(Stored data)
******************************

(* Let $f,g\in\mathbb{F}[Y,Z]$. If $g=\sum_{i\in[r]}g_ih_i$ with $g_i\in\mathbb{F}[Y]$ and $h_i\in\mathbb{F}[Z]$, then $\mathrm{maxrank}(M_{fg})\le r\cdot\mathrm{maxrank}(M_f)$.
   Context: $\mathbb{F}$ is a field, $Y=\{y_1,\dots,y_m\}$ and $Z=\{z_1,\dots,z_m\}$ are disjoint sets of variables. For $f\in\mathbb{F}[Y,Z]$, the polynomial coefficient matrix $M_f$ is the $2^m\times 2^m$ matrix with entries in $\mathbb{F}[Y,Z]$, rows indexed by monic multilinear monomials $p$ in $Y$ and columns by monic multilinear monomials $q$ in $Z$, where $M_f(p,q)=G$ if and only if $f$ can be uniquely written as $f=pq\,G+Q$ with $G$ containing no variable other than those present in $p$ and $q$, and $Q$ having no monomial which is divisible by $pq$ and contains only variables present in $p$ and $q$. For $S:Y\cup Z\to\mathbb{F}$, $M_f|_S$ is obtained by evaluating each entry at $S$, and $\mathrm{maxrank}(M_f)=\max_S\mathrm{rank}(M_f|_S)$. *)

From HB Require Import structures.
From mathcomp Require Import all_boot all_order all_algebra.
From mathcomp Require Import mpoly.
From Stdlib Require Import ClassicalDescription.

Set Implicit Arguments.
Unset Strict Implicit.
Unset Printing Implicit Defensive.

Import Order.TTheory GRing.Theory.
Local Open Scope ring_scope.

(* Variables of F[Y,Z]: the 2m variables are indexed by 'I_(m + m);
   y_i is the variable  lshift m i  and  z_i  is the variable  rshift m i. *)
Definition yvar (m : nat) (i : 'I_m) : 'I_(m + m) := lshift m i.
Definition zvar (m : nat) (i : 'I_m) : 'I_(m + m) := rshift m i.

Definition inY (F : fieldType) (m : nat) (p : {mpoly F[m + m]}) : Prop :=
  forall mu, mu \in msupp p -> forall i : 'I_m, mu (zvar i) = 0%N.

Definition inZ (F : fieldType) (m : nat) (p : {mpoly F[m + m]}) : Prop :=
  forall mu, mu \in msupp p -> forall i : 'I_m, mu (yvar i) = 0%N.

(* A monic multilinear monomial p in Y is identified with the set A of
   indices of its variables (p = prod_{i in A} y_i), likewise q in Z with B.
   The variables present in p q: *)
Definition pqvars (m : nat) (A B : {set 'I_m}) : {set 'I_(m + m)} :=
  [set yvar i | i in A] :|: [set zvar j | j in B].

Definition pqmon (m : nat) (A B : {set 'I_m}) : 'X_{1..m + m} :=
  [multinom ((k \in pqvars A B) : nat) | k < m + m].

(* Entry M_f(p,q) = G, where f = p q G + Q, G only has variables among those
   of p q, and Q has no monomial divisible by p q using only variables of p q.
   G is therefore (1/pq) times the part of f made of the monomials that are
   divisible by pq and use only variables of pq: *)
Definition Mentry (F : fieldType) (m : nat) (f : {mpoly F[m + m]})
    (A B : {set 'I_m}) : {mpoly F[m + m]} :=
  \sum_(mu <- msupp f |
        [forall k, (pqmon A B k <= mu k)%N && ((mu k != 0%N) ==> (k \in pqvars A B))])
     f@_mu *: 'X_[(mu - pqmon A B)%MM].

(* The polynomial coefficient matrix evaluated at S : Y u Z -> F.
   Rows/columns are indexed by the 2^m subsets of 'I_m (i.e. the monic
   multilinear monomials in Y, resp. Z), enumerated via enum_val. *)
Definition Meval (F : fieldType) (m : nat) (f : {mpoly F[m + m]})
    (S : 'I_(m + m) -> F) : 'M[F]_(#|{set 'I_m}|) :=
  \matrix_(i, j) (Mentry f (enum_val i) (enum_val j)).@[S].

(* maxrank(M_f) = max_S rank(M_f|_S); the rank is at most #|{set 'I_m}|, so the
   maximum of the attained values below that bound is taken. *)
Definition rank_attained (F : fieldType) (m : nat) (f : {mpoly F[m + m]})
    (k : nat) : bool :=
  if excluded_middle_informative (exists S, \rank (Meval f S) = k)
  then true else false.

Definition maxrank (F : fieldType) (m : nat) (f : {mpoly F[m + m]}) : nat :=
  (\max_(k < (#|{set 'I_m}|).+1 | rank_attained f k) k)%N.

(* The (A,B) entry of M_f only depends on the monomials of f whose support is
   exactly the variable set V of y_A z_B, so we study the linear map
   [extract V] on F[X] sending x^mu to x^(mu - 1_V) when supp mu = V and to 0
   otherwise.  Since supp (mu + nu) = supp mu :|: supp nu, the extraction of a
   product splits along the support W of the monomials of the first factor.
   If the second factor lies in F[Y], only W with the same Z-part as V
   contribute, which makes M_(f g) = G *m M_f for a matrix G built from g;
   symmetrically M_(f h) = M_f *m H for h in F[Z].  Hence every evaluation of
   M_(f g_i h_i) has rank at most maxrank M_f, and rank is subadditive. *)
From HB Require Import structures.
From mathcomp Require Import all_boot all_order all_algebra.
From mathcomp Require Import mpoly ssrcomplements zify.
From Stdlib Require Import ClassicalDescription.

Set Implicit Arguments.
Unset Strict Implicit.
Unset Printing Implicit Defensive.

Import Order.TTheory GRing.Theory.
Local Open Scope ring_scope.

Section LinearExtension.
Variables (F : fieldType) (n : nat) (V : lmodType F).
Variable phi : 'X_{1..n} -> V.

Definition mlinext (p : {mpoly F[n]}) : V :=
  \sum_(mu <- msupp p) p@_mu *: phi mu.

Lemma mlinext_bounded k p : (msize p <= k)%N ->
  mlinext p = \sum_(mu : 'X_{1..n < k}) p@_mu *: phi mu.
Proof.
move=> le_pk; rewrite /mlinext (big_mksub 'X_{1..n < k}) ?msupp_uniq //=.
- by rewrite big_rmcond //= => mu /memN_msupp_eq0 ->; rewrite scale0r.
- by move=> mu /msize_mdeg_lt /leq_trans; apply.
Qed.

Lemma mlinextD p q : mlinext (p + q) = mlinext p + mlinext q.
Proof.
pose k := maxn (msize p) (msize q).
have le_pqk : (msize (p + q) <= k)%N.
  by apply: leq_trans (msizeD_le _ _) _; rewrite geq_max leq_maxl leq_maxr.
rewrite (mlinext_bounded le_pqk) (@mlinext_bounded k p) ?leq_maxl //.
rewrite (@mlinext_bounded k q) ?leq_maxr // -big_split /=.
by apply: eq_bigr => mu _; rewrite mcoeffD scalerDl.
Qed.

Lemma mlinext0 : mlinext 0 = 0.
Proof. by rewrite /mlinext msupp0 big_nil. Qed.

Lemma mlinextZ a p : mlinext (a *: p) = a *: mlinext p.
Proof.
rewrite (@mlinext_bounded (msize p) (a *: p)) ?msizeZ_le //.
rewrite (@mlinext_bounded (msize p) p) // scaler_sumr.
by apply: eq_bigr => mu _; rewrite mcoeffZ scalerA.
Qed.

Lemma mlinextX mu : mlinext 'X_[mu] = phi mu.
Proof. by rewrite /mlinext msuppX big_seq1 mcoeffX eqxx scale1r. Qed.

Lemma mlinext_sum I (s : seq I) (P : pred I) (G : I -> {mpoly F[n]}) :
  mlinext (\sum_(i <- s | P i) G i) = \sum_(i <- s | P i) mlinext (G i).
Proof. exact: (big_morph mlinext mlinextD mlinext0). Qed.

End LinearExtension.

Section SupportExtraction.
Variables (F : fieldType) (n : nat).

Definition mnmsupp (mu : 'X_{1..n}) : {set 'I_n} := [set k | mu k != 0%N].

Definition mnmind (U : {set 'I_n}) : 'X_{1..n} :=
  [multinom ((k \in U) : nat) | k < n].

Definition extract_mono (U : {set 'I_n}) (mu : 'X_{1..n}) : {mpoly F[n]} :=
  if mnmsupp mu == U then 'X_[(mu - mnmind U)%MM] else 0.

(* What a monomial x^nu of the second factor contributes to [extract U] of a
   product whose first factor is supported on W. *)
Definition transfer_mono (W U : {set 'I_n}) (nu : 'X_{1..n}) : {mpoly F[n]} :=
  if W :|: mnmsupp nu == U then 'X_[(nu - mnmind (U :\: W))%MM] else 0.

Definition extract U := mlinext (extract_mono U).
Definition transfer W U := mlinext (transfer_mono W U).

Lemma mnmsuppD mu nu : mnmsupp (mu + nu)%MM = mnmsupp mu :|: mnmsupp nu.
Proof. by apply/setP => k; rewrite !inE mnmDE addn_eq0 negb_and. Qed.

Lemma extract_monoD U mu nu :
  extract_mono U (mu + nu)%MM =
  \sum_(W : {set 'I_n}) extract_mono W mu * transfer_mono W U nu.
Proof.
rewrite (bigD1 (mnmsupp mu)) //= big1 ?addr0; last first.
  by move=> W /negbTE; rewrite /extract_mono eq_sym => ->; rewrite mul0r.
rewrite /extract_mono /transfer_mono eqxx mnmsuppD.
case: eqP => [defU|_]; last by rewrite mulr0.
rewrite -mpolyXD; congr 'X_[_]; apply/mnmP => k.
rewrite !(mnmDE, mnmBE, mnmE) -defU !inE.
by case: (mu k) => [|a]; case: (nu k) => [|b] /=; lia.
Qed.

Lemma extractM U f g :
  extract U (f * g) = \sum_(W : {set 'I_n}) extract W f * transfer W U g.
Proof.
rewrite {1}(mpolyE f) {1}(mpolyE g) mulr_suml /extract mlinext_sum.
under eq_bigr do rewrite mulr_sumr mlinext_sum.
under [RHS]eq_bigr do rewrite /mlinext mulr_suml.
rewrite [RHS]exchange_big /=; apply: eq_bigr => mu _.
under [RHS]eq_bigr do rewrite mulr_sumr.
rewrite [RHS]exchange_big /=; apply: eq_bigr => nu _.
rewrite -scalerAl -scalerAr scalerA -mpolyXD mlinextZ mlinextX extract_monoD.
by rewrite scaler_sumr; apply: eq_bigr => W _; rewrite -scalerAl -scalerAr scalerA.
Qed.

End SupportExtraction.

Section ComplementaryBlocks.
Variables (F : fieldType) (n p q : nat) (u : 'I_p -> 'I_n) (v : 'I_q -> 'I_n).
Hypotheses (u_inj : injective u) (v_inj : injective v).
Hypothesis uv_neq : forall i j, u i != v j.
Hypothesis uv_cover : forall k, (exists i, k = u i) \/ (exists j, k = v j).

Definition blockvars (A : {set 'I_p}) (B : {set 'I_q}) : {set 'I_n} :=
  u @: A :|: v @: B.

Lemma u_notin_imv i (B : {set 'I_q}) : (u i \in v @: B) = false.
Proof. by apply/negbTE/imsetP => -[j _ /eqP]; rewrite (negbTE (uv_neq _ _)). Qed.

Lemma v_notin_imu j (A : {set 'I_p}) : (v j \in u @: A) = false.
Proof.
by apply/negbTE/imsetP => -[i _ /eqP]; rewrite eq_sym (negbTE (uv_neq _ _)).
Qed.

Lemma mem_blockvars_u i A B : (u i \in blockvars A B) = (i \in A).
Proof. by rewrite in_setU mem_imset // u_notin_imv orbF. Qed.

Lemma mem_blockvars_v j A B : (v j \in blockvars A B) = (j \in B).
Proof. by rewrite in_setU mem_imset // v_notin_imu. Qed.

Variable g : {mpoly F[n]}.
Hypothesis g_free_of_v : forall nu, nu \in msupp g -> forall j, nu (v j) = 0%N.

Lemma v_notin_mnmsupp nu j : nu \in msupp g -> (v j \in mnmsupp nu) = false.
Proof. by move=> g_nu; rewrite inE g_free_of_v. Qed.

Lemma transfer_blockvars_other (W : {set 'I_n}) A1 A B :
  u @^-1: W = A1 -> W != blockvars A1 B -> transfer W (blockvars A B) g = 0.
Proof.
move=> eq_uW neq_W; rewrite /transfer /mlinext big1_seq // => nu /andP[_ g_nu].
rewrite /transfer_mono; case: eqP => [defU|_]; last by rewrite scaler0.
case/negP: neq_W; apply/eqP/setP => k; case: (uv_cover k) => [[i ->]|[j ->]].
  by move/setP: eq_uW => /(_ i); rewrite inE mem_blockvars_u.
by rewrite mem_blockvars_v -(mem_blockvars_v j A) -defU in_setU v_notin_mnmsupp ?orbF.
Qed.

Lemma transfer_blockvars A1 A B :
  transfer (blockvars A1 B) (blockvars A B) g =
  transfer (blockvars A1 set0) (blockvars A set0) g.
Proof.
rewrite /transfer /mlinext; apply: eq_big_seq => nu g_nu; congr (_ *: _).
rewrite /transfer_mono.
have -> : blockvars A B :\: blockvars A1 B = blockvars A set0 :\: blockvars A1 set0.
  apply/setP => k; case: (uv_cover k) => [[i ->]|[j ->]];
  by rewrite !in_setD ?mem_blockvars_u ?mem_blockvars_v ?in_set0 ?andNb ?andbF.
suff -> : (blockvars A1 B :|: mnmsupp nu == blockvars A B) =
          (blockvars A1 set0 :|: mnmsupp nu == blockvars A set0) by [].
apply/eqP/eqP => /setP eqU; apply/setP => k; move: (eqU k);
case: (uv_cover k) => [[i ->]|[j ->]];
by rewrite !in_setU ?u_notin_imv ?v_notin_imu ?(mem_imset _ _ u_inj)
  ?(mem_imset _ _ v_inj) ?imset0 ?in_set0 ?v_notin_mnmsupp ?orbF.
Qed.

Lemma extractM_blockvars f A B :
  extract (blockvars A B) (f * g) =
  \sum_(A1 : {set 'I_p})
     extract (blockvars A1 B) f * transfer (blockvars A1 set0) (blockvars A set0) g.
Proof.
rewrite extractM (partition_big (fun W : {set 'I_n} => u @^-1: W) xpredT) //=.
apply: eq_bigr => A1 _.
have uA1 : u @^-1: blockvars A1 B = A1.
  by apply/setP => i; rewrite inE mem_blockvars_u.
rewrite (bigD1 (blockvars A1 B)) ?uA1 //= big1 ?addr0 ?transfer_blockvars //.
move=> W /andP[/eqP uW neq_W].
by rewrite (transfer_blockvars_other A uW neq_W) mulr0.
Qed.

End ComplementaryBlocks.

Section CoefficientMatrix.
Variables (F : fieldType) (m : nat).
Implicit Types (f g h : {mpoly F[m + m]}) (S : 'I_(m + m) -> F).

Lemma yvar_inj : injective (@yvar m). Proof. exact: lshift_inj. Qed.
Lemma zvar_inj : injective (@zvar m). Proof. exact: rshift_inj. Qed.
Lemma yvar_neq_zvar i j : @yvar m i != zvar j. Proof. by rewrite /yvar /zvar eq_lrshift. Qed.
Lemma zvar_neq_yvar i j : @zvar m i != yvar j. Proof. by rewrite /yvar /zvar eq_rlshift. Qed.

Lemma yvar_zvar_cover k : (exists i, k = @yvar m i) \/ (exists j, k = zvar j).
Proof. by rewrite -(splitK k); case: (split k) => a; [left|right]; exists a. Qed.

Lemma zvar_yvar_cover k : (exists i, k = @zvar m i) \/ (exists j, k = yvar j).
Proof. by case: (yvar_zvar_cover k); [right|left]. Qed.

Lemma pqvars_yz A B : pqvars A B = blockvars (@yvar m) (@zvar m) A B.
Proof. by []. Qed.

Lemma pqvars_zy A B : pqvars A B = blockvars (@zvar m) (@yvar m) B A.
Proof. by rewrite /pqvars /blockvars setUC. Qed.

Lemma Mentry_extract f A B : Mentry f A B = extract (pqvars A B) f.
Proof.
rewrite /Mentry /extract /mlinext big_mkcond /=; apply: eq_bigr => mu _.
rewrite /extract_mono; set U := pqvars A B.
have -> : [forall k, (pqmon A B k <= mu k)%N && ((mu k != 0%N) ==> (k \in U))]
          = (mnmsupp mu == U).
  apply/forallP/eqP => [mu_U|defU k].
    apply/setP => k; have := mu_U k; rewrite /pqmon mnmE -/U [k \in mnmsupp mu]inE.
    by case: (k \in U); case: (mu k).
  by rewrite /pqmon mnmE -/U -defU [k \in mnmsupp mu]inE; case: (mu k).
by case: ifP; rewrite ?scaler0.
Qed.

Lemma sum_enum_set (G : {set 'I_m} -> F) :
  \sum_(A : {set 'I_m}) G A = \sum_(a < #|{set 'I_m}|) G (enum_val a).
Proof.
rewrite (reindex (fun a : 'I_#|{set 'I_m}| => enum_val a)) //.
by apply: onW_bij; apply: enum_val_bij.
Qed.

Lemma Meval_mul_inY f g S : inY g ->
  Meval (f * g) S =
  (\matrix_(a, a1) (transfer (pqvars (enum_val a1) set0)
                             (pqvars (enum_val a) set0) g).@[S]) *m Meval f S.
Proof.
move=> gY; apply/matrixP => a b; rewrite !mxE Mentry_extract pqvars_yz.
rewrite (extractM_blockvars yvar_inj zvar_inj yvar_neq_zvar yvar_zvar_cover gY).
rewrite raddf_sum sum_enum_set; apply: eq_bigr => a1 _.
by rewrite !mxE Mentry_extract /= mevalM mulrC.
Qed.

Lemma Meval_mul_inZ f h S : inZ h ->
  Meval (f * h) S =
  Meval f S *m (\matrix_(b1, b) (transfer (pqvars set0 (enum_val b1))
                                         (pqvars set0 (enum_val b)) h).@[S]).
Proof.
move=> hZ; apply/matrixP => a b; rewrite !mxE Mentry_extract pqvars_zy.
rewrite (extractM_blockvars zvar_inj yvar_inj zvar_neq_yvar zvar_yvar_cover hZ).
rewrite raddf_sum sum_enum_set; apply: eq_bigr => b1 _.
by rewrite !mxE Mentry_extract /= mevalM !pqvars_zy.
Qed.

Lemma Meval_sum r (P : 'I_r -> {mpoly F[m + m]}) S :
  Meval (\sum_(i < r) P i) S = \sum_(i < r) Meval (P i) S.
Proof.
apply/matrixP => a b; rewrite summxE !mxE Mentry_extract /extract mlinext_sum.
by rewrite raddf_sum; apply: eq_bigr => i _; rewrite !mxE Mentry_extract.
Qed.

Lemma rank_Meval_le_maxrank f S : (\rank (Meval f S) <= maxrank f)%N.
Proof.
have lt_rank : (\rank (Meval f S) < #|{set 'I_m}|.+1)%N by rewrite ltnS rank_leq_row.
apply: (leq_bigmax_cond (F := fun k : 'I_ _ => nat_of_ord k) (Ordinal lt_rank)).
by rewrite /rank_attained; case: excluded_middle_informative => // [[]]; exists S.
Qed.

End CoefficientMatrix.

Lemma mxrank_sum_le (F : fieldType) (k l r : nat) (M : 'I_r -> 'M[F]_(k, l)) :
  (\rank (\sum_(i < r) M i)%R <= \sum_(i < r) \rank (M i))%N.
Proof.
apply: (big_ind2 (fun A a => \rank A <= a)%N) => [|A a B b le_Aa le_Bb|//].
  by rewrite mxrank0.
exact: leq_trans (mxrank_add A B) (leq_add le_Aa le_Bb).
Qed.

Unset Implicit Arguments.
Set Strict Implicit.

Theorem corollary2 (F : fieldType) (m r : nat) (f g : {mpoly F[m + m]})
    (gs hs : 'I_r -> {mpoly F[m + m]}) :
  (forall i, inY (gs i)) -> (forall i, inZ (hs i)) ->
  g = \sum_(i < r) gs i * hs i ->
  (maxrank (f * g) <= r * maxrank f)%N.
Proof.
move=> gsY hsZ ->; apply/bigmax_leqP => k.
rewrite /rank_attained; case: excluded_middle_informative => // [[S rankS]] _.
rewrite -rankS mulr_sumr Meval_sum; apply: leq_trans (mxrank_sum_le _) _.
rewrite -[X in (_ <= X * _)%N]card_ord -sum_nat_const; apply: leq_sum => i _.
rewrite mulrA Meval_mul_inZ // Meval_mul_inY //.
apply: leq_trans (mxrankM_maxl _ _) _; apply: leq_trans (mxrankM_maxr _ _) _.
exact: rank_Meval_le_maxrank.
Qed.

******************************

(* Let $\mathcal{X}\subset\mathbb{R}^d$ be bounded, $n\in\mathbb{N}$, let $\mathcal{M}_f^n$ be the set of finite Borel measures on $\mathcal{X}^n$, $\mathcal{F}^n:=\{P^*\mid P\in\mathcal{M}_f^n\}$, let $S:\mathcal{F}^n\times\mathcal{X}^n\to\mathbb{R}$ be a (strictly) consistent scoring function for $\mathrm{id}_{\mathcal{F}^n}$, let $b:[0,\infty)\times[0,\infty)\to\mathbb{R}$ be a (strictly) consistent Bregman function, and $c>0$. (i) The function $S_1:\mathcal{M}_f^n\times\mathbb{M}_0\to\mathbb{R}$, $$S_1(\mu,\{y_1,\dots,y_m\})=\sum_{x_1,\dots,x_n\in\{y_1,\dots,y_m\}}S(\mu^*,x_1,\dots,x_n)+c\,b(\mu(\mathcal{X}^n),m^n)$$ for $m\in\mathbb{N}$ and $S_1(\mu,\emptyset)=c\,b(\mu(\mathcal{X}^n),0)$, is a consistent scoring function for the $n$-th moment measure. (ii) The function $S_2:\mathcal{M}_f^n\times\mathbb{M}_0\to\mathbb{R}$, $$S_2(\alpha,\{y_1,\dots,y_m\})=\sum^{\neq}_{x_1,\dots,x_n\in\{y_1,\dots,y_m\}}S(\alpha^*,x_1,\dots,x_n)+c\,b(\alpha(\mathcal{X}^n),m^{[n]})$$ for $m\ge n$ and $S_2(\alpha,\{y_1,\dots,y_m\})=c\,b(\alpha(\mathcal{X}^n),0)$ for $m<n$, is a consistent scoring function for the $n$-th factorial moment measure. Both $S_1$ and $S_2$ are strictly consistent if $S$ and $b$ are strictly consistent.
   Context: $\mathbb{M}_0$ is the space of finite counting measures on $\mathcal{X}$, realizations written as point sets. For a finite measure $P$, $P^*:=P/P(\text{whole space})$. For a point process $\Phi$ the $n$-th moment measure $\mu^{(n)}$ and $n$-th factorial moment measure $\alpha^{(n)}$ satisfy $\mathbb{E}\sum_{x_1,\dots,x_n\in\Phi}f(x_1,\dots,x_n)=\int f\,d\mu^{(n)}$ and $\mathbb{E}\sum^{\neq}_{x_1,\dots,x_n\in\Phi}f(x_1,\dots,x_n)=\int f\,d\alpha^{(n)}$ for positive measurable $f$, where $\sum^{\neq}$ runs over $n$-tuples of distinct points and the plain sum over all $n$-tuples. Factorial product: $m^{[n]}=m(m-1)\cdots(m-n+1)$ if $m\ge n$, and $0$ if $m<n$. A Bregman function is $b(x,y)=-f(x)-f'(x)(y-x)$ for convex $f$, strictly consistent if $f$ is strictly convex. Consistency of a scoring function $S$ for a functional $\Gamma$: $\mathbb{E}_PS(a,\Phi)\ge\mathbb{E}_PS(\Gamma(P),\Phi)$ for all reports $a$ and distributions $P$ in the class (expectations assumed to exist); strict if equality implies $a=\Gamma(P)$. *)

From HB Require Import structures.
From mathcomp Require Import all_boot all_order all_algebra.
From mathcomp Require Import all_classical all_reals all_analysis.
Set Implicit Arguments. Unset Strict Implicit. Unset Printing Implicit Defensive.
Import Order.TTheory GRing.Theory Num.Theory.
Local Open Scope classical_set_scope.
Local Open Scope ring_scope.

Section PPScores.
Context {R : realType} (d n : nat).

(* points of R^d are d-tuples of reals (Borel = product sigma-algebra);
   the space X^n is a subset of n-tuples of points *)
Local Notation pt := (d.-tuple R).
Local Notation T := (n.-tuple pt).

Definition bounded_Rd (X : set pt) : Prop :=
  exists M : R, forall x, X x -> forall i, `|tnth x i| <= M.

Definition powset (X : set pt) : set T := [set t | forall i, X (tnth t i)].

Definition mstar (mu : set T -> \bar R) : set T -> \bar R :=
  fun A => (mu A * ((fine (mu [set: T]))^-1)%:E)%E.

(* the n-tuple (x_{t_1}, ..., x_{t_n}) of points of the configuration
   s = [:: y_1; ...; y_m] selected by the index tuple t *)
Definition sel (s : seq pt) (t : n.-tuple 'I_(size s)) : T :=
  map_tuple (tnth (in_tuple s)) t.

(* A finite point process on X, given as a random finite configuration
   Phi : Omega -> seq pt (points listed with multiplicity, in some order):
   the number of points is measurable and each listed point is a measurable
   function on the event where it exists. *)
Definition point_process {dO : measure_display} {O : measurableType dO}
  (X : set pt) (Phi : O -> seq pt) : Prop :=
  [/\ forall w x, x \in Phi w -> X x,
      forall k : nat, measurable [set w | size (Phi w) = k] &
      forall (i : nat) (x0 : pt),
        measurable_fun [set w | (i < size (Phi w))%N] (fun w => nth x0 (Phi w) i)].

******************************

* _Problem to solve_: Report how many lines of the preceding records include "congr". Output the number only.

* _Expected answer_: 2